Work to be completed →
Take the lines below between the one holding "Definition Vsub (t" and the one holding "(Sx i.-1 :&: Sx", inclusive, and copy them exactly. Add nothing.

(Materials provided begins)

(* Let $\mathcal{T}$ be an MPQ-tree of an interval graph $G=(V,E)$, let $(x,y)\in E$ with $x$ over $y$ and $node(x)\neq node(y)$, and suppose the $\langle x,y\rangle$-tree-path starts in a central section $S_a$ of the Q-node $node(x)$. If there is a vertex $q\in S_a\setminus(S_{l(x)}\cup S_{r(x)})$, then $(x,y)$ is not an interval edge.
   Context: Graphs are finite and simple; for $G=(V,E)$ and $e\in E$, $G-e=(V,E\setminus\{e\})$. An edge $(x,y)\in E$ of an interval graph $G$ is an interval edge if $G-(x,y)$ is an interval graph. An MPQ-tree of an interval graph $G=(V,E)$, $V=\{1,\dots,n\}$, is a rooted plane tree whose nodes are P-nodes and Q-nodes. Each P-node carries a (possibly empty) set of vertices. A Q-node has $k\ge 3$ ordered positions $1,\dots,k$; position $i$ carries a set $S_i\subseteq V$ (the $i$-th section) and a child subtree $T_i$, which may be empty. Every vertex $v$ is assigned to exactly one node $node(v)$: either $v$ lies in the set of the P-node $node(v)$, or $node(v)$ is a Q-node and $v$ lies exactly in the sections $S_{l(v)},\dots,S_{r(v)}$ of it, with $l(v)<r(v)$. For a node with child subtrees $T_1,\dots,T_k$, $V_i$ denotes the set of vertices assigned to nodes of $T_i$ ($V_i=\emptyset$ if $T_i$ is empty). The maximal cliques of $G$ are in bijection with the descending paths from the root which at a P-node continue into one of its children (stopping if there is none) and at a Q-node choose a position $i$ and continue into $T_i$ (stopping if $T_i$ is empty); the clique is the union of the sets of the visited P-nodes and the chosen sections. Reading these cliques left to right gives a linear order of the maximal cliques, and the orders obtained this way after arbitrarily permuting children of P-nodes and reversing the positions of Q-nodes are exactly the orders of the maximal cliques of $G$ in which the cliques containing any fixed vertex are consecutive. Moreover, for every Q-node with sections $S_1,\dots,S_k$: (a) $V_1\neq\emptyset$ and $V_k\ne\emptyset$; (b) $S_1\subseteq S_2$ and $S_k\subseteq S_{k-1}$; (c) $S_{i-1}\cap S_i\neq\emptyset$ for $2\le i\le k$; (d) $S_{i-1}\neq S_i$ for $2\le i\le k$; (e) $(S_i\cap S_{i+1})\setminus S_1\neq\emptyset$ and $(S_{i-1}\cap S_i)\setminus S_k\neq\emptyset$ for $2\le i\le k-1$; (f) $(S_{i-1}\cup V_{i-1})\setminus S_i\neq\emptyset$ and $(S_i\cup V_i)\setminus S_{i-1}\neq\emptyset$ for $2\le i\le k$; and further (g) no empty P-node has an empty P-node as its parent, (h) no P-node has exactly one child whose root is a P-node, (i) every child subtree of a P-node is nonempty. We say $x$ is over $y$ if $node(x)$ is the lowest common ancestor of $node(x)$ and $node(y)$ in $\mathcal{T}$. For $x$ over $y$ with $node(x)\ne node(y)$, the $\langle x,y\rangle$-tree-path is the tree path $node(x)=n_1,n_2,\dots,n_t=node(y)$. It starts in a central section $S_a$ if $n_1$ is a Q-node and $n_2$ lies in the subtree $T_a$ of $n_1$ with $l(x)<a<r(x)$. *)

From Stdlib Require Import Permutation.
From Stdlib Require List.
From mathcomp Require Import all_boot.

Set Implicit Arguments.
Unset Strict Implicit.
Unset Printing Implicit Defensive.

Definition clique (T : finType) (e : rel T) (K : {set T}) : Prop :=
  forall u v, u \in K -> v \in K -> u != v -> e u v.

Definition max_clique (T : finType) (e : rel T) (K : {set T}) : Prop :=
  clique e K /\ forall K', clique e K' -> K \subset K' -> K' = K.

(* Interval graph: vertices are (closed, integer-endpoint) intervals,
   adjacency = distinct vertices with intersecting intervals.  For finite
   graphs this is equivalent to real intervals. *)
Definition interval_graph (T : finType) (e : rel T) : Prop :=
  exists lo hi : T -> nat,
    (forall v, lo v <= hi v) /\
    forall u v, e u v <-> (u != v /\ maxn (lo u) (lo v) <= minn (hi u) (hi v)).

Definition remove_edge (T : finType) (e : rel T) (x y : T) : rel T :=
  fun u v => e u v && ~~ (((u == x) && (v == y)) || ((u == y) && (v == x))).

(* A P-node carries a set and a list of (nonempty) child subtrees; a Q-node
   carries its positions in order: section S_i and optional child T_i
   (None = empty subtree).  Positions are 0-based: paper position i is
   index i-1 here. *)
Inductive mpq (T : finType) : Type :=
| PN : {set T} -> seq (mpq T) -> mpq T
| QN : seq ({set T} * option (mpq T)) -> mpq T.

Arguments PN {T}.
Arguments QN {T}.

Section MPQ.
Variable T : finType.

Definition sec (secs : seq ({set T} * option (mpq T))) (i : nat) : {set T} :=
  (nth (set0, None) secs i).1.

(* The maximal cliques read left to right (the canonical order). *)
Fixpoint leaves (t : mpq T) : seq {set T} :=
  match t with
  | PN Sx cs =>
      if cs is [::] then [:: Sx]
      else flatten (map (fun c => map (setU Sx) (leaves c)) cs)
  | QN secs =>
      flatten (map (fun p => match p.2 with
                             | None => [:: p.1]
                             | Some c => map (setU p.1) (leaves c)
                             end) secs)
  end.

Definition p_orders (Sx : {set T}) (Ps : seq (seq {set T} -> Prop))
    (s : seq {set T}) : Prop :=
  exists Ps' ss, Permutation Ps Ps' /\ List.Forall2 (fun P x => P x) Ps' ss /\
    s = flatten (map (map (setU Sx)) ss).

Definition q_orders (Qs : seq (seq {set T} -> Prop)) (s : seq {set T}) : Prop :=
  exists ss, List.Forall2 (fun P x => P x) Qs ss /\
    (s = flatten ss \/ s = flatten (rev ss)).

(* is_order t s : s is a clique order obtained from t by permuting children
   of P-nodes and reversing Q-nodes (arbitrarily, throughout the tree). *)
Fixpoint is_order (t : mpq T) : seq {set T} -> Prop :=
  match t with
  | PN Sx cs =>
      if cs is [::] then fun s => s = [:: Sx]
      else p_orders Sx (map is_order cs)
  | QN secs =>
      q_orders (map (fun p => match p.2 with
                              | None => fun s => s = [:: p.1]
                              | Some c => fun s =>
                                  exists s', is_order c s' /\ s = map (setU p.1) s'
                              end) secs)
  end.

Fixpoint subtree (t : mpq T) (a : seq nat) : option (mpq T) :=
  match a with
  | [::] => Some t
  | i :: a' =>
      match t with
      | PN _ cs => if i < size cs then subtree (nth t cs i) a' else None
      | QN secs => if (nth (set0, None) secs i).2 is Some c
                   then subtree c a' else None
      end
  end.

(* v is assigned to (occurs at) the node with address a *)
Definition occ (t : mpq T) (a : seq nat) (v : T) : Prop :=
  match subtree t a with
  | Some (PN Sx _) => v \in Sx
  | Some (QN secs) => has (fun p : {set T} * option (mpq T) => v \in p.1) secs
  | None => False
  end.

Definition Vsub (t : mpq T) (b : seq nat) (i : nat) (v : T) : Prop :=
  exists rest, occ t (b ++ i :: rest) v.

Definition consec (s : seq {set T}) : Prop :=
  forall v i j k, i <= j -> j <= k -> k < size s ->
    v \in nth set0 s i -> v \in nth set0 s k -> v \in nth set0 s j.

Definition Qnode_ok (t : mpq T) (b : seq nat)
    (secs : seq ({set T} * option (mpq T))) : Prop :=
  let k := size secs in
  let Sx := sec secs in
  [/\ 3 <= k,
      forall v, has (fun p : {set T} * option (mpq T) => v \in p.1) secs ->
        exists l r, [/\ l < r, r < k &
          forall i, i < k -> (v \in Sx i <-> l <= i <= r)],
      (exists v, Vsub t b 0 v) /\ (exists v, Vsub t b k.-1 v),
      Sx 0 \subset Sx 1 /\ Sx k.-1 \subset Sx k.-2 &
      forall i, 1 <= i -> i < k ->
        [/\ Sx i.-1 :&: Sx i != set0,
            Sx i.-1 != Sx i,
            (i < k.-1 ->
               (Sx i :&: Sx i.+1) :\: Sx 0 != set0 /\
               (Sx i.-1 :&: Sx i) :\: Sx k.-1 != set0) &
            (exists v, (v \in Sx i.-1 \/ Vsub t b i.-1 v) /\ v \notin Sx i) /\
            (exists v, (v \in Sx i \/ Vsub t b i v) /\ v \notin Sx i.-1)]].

(Materials provided ends)

Result →
Definition Vsub (t : mpq T) (b : seq nat) (i : nat) (v : T) : Prop :=
  exists rest, occ t (b ++ i :: rest) v.

Definition consec (s : seq {set T}) : Prop :=
  forall v i j k, i <= j -> j <= k -> k < size s ->
    v \in nth set0 s i -> v \in nth set0 s k -> v \in nth set0 s j.

Definition Qnode_ok (t : mpq T) (b : seq nat)
    (secs : seq ({set T} * option (mpq T))) : Prop :=
  let k := size secs in
  let Sx := sec secs in
  [/\ 3 <= k,
      forall v, has (fun p : {set T} * option (mpq T) => v \in p.1) secs ->
        exists l r, [/\ l < r, r < k &
          forall i, i < k -> (v \in Sx i <-> l <= i <= r)],
      (exists v, Vsub t b 0 v) /\ (exists v, Vsub t b k.-1 v),
      Sx 0 \subset Sx 1 /\ Sx k.-1 \subset Sx k.-2 &
      forall i, 1 <= i -> i < k ->
        [/\ Sx i.-1 :&: Sx i != set0,
            Sx i.-1 != Sx i,
            (i < k.-1 ->
               (Sx i :&: Sx i.+1) :\: Sx 0 != set0 /\
               (Sx i.-1 :&: Sx i) :\: Sx k.-1 != set0) &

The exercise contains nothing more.